Lemma m_estimates_opposite_signs al a b : 0 < al < 1 -> 0 < a -> b < 0 -> 0 < a + b ->
  m_estimates al (m_const al) a b.
Proof.
  intros Hal Ha Hb Hab.
  rewrite <- (Ropp_involutive b).
  destruct (Rle_or_lt (a + b) (- b)).
  - replace a with (a + b + - b) at 1 by ring.
    now apply m_estimates_xi_min; [| lra |].
  - replace a with (- b + (a + b)) at 1 by ring.
    now apply m_estimates_xi_mid; lra.
Qed.

Lemma m_estimates_pos_sum al a b : 0 < al < 1 -> a <> 0 -> b <> 0 -> 0 < a + b ->
  m_estimates al (m_const al) a b.
Proof.
  intros Hal Ha Hb Hab.
  destruct (Rlt_or_le 0 a), (Rlt_or_le 0 b).
  - destruct (Rle_or_lt a b).
    + now apply m_estimates_same_sign.
    + apply m_estimates_comm, m_estimates_same_sign; lra.
  - apply m_estimates_opposite_signs; lra.
  - apply m_estimates_comm, m_estimates_opposite_signs; lra.
  - lra.
Qed.

Theorem proposition2p1 (al : R) (Hal0 : 0 < al) (Hal1 : al < 1) :
  exists C : R, 0 < C /\
  forall a b : R, a <> 0 -> b <> 0 -> a + b <> 0 ->
    (a ^ 2 + b ^ 2 <= 1 ->
       Rabs a / Rabs b + Rabs b / Rabs a <= C * Rabs (m al a b) /\
       Rabs (m al a b) <= C * (apow a (1 - al) / Rabs b + apow b (1 - al) / Rabs a)) /\
    (1 <= a ^ 2 + b ^ 2 ->
       apow a (1 - al) / Rabs b + apow b (1 - al) / Rabs a <= C * Rabs (m al a b) /\
       Rabs (m al a b) <= C * (Rabs a / Rabs b + Rabs b / Rabs a)).
Proof.
  assert (Hal : 0 < al < 1) by lra.
  exists (m_const al). split.
  - pose proof (half_pow_bounds al Hal). apply Rdiv_lt_0_compat; lra.
  - intros a b Ha Hb Hab.
    destruct (Rlt_or_le 0 (a + b)) as [Hpos | Hneg].
    + exact (m_estimates_pos_sum al a b Hal Ha Hb Hpos).
    + pose proof (m_estimates_pos_sum al (- a) (- b) Hal ltac:(lra) ltac:(lra) ltac:(lra)).
      rewrite <- (Ropp_involutive a), <- (Ropp_involutive b).
      now apply m_estimates_opp.
Qed.
(* Let $T$ be an MFQST under either the explicit bound or the node-weighted strategy. Let $x$ be any node of $T$, let $u$ be any in-neighbour of $x$ and let $y$ be the out-neighbour of $x$, with $u\ne x\ne y$. Then the angle $\angle uxy$ is at least $90^\circ$.
   Context: Let $Z=\{z_1,\dots,z_n\}\subset\mathbb{R}^2$ ($n\ge 1$) be a set of sources and $z_{BS}\in\mathbb{R}^2\setminus Z$ a sink; each source has supply $1$. A flow-dependent quadratic Steiner tree (FQST) consists of a finite set $S\subset\mathbb{R}^2$ of Steiner points and a tree $T$ with vertex set $Z\cup S\cup\{z_{BS}\}$ whose edges are directed towards $z_{BS}$. Every node other than the sink has exactly one out-edge, and the sink has none. Each edge $e$ carries a positive flow $f(e)$ such that: - at each source, the flow on its out-edge minus the total flow on its in-edges equals $1$; - at each Steiner point, the out-flow equals the total in-flow; - the sink receives total flow $n$. The cost is $L(T)=\sum_{e\in E(T)} f(e)|e|^2$. In-neighbours of a node are the tails of its in-edges; its out-neighbour is the head of its out-edge. MFQSTs under the two strategies: - Explicit bound $k$: an MFQST minimises $L$ among FQSTs with $|S|\le k$. - Node-weighted with cost $c>0$: an MFQST minimises $L_c(T)=L(T)+c|S|$ over all FQSTs. No degree restrictions are imposed in either case. *)

From mathcomp Require Import all_boot.
From Stdlib Require Import Reals.

Set Implicit Arguments.
Unset Strict Implicit.
Unset Printing Implicit Defensive.

Local Open Scope R_scope.

Definition point := (R * R)%type.

Definition dot (a b : point) : R := a.1 * b.1 + a.2 * b.2.
Definition vsub (a b : point) : point := (a.1 - b.1, a.2 - b.2).
Definition dist2 (a b : point) : R := dot (vsub a b) (vsub a b).
Definition norm (a : point) : R := sqrt (dot a a).

Definition angle (u x y : point) : R :=
  acos (dot (vsub u x) (vsub y x) / (norm (vsub u x) * norm (vsub y x))).

(* Nodes of an FQST with n sources and m Steiner points:
   None = the sink z_BS, Some (inl i) = source z_i, Some (inr j) = Steiner point j. *)
Definition node (n m : nat) := option ('I_n + 'I_m)%type.

Definition sink {n m : nat} : node n m := None.
Definition quot_mod of (forall a x, x \in I -> a * x \in I) := Q0.

HB.instance Definition _ := GRing.Zmodule.on (quot_mod hI).
HB.instance Definition _ := GRing.Zmodule_isLmodule.Build R (quot_mod hI)
  qscalerA qscale1r qscalerDr qscalerDl.
End QuotMod.

Definition pure_ideal (R : comPzRingType) (I : zmodClosed R)
  (hI : forall a x, x \in I -> a * x \in I) : Prop :=
  flat (quot_mod hI).

From HB Require Import structures.
From mathcomp Require Import all_boot all_order all_algebra.
From mathcomp Require Import generic_quotient ring_quotient.
From mathcomp Require Import ring.

(* For a in Ann(M), flatness of M applied to the injection R/(0:a) -> R,
   r |-> a r, shows that a x = 0 forces x in (0:a)M; as a kills M, this gives
   M = (0:a)M, and Nakayama's lemma for the finitely generated M yields
   j in (0:a) with (1 - j)M = 0.  Thus b = 1 - j lies in Ann(M) and a b = a.
   Any ideal I in which every a has such a b in I is pure: N (x) R/I is
   N/IN, so flatness of R/I says that f n in IN' forces n in IN for an
   injective f : N -> N'; and if f n in IN' there is c in I with
   c f n = f n, whence n = c n in IN. *)

Set Implicit Arguments.
Unset Strict Implicit.
Unset Printing Implicit Defensive.
Import GRing.Theory.
Local Open Scope ring_scope.
Local Open Scope quotient_scope.

Section QuotientModule.
Variables (R : comPzRingType) (V : lmodType R) (S : zmodClosed V).
Hypothesis scaleS : forall (a : R) (v : V), v \in S -> a *: v \in S.

Local Notation Q := (Quotient.quot S).

Definition lmod_scale (a : R) (x : Q) : Q := \pi_Q (a *: repr x).

Lemma lmod_scale_pi a v : lmod_scale a (\pi_Q v) = \pi_Q (a *: v).
Proof.
rewrite /lmod_scale; apply/eqmodP => /=; rewrite Quotient.equivE -scalerBr.
by apply: scaleS; rewrite Quotient.idealrBE reprK.
Qed.

Lemma lmod_scalerA a b x : lmod_scale a (lmod_scale b x) = lmod_scale (a * b) x.
Proof. by move: x; apply: quotW => v; rewrite (lmod_scale_pi b) !lmod_scale_pi scalerA. Qed.

Lemma lmod_scale1r : left_id 1 lmod_scale.
Proof. by apply: quotW => v; rewrite lmod_scale_pi scale1r. Qed.

Lemma lmod_scalerDr : right_distributive lmod_scale +%R.
Proof.
move=> a; apply: quotW => u; apply: quotW => v.
by rewrite -raddfD !lmod_scale_pi scalerDr raddfD.
Qed.

Lemma lmod_scalerDl x : {morph lmod_scale^~ x : a b / a + b}.
Proof. by move=> a b; move: x; apply: quotW => v; rewrite !lmod_scale_pi scalerDl raddfD. Qed.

=======

Repeat the line that contains "(* For a in", then every line after it until the records end, with nothing added.

(* For a in Ann(M), flatness of M applied to the injection R/(0:a) -> R,
   r |-> a r, shows that a x = 0 forces x in (0:a)M; as a kills M, this gives
   M = (0:a)M, and Nakayama's lemma for the finitely generated M yields
   j in (0:a) with (1 - j)M = 0.  Thus b = 1 - j lies in Ann(M) and a b = a.
   Any ideal I in which every a has such a b in I is pure: N (x) R/I is
   N/IN, so flatness of R/I says that f n in IN' forces n in IN for an
   injective f : N -> N'; and if f n in IN' there is c in I with
   c f n = f n, whence n = c n in IN. *)

Set Implicit Arguments.
Unset Strict Implicit.
Unset Printing Implicit Defensive.
Import GRing.Theory.
Local Open Scope ring_scope.
Local Open Scope quotient_scope.

Section QuotientModule.
Variables (R : comPzRingType) (V : lmodType R) (S : zmodClosed V).
Hypothesis scaleS : forall (a : R) (v : V), v \in S -> a *: v \in S.

Local Notation Q := (Quotient.quot S).

Definition lmod_scale (a : R) (x : Q) : Q := \pi_Q (a *: repr x).

Lemma lmod_scale_pi a v : lmod_scale a (\pi_Q v) = \pi_Q (a *: v).
Proof.
rewrite /lmod_scale; apply/eqmodP => /=; rewrite Quotient.equivE -scalerBr.
by apply: scaleS; rewrite Quotient.idealrBE reprK.
Qed.

Lemma lmod_scalerA a b x : lmod_scale a (lmod_scale b x) = lmod_scale (a * b) x.
Proof. by move: x; apply: quotW => v; rewrite (lmod_scale_pi b) !lmod_scale_pi scalerA. Qed.

Lemma lmod_scale1r : left_id 1 lmod_scale.
Proof. by apply: quotW => v; rewrite lmod_scale_pi scale1r. Qed.

Lemma lmod_scalerDr : right_distributive lmod_scale +%R.
Proof.
move=> a; apply: quotW => u; apply: quotW => v.
by rewrite -raddfD !lmod_scale_pi scalerDr raddfD.
Qed.

Lemma lmod_scalerDl x : {morph lmod_scale^~ x : a b / a + b}.
Proof. by move=> a b; move: x; apply: quotW => v; rewrite !lmod_scale_pi scalerDl raddfD. Qed.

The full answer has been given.